EXERCISE REQUIREMENTS => In the material below, the required lines run from the one containing "Definition vpol (u" through the one containing "Section SetSystem.". Copy those lines exactly, ends included, and nothing else.

** SOURCE INFORMATION follows **

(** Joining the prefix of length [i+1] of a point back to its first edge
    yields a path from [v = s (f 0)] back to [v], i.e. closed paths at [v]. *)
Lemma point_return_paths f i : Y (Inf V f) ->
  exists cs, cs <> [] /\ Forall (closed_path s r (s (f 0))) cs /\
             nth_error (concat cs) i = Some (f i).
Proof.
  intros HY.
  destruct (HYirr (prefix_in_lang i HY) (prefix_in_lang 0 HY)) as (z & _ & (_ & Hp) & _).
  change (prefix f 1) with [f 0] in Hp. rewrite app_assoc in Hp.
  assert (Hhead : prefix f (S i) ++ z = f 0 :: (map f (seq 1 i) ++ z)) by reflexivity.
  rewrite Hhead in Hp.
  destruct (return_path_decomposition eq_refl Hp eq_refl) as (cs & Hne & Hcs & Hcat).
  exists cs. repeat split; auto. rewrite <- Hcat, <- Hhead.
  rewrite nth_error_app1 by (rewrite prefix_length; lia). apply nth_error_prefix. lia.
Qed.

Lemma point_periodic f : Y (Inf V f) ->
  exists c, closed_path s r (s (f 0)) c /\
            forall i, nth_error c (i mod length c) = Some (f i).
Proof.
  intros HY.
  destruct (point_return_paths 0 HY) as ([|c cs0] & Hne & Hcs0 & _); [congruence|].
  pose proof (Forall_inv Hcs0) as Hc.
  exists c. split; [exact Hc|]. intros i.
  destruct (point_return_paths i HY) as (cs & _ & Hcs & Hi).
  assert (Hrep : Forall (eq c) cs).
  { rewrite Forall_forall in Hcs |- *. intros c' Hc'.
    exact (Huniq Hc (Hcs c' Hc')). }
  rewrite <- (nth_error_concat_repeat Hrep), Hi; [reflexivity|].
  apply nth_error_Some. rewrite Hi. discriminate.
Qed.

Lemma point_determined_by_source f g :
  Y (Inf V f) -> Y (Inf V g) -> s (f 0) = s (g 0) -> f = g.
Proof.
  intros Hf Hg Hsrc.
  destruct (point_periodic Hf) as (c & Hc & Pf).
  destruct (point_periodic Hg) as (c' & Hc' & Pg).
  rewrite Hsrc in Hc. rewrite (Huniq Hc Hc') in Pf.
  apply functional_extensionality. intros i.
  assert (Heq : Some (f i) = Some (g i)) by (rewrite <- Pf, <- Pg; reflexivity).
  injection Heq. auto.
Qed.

** End of SOURCE INFORMATION **
** SOURCE INFORMATION follows **

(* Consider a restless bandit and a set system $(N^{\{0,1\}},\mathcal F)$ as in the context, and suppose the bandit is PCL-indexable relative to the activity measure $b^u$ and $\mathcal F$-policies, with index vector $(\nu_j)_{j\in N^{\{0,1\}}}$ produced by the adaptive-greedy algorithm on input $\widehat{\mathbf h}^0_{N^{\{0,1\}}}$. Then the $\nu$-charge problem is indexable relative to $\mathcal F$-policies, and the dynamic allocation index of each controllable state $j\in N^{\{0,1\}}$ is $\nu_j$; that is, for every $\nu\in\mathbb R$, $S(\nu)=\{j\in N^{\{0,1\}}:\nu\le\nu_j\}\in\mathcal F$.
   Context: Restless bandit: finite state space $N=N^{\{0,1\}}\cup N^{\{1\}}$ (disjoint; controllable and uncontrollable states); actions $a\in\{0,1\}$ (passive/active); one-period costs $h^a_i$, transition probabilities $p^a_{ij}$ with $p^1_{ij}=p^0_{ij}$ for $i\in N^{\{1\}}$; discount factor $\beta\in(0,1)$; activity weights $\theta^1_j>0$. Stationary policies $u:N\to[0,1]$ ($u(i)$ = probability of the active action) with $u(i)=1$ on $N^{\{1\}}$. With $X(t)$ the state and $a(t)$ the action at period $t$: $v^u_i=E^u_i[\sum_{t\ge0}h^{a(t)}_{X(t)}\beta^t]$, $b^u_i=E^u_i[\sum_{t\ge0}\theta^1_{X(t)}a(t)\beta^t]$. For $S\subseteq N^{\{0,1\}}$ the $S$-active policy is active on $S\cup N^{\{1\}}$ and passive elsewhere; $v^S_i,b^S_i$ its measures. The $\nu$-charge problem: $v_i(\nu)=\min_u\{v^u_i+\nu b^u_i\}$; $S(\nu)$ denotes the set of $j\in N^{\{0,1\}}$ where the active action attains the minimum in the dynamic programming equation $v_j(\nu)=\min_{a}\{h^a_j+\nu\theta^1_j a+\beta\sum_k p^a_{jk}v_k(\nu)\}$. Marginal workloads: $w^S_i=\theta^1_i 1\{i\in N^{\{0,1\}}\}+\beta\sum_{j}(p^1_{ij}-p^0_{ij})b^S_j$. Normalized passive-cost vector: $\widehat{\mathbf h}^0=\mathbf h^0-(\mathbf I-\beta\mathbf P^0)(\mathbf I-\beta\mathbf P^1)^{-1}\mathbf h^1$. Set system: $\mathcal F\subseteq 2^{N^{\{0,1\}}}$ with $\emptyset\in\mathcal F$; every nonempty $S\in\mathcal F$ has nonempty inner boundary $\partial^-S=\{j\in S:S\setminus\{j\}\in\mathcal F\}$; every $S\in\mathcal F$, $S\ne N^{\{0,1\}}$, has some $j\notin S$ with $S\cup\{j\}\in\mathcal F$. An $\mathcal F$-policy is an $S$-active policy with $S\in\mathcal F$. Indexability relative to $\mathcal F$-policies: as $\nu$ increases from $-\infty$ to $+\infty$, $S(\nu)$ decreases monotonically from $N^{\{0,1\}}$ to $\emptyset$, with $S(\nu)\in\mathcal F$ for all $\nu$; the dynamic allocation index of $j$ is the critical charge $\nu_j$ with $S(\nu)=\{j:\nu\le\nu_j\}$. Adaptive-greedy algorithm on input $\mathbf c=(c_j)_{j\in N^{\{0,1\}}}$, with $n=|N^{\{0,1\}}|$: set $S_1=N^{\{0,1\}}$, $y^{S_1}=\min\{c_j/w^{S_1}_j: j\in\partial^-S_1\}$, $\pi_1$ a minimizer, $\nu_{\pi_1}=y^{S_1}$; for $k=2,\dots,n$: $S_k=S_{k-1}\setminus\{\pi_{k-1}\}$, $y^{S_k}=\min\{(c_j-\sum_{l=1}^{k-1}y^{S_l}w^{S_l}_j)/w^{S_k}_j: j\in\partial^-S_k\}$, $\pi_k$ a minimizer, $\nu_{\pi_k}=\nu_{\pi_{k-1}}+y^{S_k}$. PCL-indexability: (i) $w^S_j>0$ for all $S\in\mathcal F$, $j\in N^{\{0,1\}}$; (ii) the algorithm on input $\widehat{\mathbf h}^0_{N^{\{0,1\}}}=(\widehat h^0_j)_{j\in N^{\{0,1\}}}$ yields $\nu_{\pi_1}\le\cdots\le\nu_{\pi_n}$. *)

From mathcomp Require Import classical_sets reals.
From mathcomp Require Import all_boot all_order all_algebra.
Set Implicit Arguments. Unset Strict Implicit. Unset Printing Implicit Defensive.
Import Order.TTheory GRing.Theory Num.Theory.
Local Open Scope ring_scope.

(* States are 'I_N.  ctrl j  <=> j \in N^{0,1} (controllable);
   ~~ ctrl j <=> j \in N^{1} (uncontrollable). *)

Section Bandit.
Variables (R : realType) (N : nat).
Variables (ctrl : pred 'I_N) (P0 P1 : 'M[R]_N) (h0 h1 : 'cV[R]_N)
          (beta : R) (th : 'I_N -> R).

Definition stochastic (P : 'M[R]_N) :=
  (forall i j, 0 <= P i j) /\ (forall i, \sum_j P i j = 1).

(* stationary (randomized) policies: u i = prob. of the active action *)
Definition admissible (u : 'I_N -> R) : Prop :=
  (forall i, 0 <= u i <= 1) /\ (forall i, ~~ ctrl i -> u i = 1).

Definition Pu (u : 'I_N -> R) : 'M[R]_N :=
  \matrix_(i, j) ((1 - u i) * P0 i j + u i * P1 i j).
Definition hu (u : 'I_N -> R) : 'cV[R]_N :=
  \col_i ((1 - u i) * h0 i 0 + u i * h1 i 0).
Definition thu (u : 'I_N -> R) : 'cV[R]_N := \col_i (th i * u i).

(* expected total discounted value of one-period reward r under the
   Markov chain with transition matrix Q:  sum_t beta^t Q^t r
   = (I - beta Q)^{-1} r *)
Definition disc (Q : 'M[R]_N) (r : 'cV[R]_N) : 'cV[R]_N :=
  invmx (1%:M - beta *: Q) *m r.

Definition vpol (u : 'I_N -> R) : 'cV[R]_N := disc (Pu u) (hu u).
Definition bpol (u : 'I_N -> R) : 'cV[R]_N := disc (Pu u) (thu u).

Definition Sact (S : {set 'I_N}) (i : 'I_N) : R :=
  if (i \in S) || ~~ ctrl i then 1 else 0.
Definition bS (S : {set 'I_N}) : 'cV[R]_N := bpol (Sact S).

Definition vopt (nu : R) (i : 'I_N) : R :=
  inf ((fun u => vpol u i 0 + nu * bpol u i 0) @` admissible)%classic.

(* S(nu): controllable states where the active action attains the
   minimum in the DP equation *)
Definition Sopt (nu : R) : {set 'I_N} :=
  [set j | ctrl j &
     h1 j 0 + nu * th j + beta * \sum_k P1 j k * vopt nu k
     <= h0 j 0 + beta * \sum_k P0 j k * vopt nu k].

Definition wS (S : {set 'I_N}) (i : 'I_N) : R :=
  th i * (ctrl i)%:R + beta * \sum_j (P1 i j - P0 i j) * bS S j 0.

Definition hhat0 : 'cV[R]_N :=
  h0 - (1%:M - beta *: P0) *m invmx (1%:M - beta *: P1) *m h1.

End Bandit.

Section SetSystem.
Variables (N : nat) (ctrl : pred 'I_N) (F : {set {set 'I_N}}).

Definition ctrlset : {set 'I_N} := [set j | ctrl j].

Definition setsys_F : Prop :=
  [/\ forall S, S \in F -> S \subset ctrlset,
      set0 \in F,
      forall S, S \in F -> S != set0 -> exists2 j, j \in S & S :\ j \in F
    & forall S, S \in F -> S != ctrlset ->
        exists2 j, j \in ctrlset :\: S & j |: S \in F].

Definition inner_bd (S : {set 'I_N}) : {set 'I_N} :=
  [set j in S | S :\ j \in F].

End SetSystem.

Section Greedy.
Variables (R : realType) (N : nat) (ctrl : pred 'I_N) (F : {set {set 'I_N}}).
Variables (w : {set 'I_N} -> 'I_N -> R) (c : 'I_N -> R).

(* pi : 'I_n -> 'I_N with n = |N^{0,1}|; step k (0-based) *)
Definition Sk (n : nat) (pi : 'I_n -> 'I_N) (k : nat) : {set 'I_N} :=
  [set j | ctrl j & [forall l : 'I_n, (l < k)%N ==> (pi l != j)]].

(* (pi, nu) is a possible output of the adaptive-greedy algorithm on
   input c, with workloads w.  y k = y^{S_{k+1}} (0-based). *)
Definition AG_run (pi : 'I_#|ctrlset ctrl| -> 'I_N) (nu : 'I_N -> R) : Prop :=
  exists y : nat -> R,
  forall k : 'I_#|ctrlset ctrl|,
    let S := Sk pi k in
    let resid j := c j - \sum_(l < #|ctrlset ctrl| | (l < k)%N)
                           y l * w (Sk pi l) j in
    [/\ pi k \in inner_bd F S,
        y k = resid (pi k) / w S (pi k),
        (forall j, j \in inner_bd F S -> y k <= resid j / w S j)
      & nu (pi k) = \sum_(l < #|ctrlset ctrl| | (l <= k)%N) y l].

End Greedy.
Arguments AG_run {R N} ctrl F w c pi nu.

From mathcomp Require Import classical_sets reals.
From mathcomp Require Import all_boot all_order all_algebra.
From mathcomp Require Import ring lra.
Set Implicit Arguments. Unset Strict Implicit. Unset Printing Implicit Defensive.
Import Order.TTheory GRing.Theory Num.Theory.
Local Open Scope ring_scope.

** End of SOURCE INFORMATION **

RESPONSE FOR THIS EXERCISE =>
Definition vpol (u : 'I_N -> R) : 'cV[R]_N := disc (Pu u) (hu u).
Definition bpol (u : 'I_N -> R) : 'cV[R]_N := disc (Pu u) (thu u).

Definition Sact (S : {set 'I_N}) (i : 'I_N) : R :=
  if (i \in S) || ~~ ctrl i then 1 else 0.
Definition bS (S : {set 'I_N}) : 'cV[R]_N := bpol (Sact S).

Definition vopt (nu : R) (i : 'I_N) : R :=
  inf ((fun u => vpol u i 0 + nu * bpol u i 0) @` admissible)%classic.

(* S(nu): controllable states where the active action attains the
   minimum in the DP equation *)
Definition Sopt (nu : R) : {set 'I_N} :=
  [set j | ctrl j &
     h1 j 0 + nu * th j + beta * \sum_k P1 j k * vopt nu k
     <= h0 j 0 + beta * \sum_k P0 j k * vopt nu k].

Definition wS (S : {set 'I_N}) (i : 'I_N) : R :=
  th i * (ctrl i)%:R + beta * \sum_j (P1 i j - P0 i j) * bS S j 0.

Definition hhat0 : 'cV[R]_N :=
  h0 - (1%:M - beta *: P0) *m invmx (1%:M - beta *: P1) *m h1.

End Bandit.

Section SetSystem.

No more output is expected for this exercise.